Outrage coda (Takeshi Kitano, 2017)

Outrage coda (id.)
di Takeshi Kitano – Giappone 2017
con Takeshi Kitano, Toshiyuki Nishida
**

Visto in divx.

Terzo e conclusivo capitolo, dopo "Outrage" (2010) e "Outrage beyond" (2012), della saga yakuza di Kitano. Otomo ("Beat" Takeshi) si è ritirato a vivere in Corea, nell'isola di Jeju, affiliandosi all'organizzazione del potente signor Chang (Tokio Kaneda). Nel frattempo, in Giappone, il clan Hanabishi (che ha assorbito i Sanno) è guidato dall'infido Nomura (Ren Osugi), malvisto dai suoi stessi sottoposti perché è più un impiegato che un vero yakuza ("Non hai neanche un tatuaggio!"), che pianifica di eliminare i suoi scomodi vice, Nishino (Toshiyuki Nishida) e Nakata (Sansei Shiomi), gangster della vecchia guardia. Ma questi si coalizzano contro di lui, sfruttando la ruggine fra Chang e il giovane Hanada (Pierre Taki) per scatenare una guerra fra bande, nella quale sarà coinvolto anche Otomo, che assieme al fido Ishikawa (Nao Omori) tornerà in Giappone per mettere in atto la propria vendetta.

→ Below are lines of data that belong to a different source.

Theorem lemma2 (eps rho Rt : R)
  (Heps : 0 < eps < 1/2) (Hrho : 0 < rho < 1) (HR : 0 < Rt < 1 - h eps) :
  exists delta : R, 0 < delta /\
    forall i : nat -> Z,
      (exists N : nat, forall n : nat, (N <= n)%nat ->
         INR n * (eps - delta) < IZR (i n) < INR n * (eps + delta)) ->
      Un_cv (fun n => num_term eps rho Rt n (i n) / den_term eps n (i n)) 1.
Proof.
  destruct (binomial_weight_sum_le eps rho Rt Heps Hrho ltac:(lra))
    as [delta [Hd [A [r [s [HA [Hr [Hs Hsum]]]]]]]].
  exists (Rmin eps delta). split; [apply Rmin_glb_lt; lra |].
  intros i [N HN]. apply (Un_cv_1_of_geometric_bounds _ A r s N HA Hr Hs).
  intros n Hn. specialize (HN n Hn).
  pose proof (Rmin_l eps delta). pose proof (Rmin_r eps delta). pose proof (pos_INR n).
  assert (Hi : i n = Z.of_nat (Z.to_nat (i n)))
    by (rewrite Z2Nat.id; [reflexivity | apply le_IZR; nra]).
  set (m := Z.to_nat (i n)) in Hi. rewrite Hi in HN |- *. rewrite <- INR_IZR_INZ in HN.
  assert (Hmn : (m <= n)%nat) by (apply INR_le; nra).
  rewrite num_div_den_eq_sum by (lra || assumption). split.
  - apply binomial_sum_ge_1.
    + replace (bias eps rho 0) with (1 - 2 * eps) by (unfold bias; simpl; ring).
      apply weight_center; lra.
    + intros j. pose proof (Rabs_bias_le eps rho j ltac:(lra) Hrho) as Hb.
      apply Rabs_le_inv in Hb. apply weight_ge_0; lra.
  - apply Hsum; [apply floorZ_to_nat_le; nra | assumption | nra].
Qed.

Rispetto ai due film precedenti, il ritmo è più disteso e meno frenetico: le scene d'azione e di violenza sono limitate, mentre per gran parte della pellicola assistiamo a lunghi dialoghi o confronti faccia a faccia, attraverso i quali si dipanano in modo freddo e tagliente gli intrighi, i complotti e le lotte clandestine fra i vari membri della yakuza. Pur proseguendo dunque nel raccontare guerre di potere e tradimenti incrociati, il film risulta perciò assai distante come tono dai precedenti: inoltre, complice il ruolo limitato che il regista riserva a sé stesso, solo a tratti si intravedono le caratteristiche anarchiche e poetiche del Kitano di un tempo (per esempio nell'incipit, con gli yakuza intenti a pescare sul molo in immancabile camicia hawaiana; e nelle brevi scene degli scoppi di improvvisa violenza). Mitica la risposta di Otomo quando Hanada gli chiede come si chiami: "Il mio nome è 'levati dai coglioni'. Bel nome vero?". L'ultima inquadratura, riservata alla morte del protagonista, sembra rappresentare un ennesimo e malinconico addio al genere (resuscitato, pare, solo per ragioni di cassetta), una sorta di canto del cigno. Nel complesso, non si può parlare di delusione, ma solo di inevitabilità (e di mancanza di sorprese). Nel vasto cast – è quasi un film corale! – anche Yutaka Matsushige (il poliziotto Shigeta), Tatsuo Nadaka, Ken Mitsuishi e Hakuryu, molti dei quali ritornano dai film precedenti. Musiche di Keiichi Suzuki.

26 febbraio 2020

Il selvaggio (László Benedek, 1954)

Il selvaggio (The Wild One)
di László Benedek – USA 1954
con Marlon Brando, Mary Murphy
***

Visto in divx.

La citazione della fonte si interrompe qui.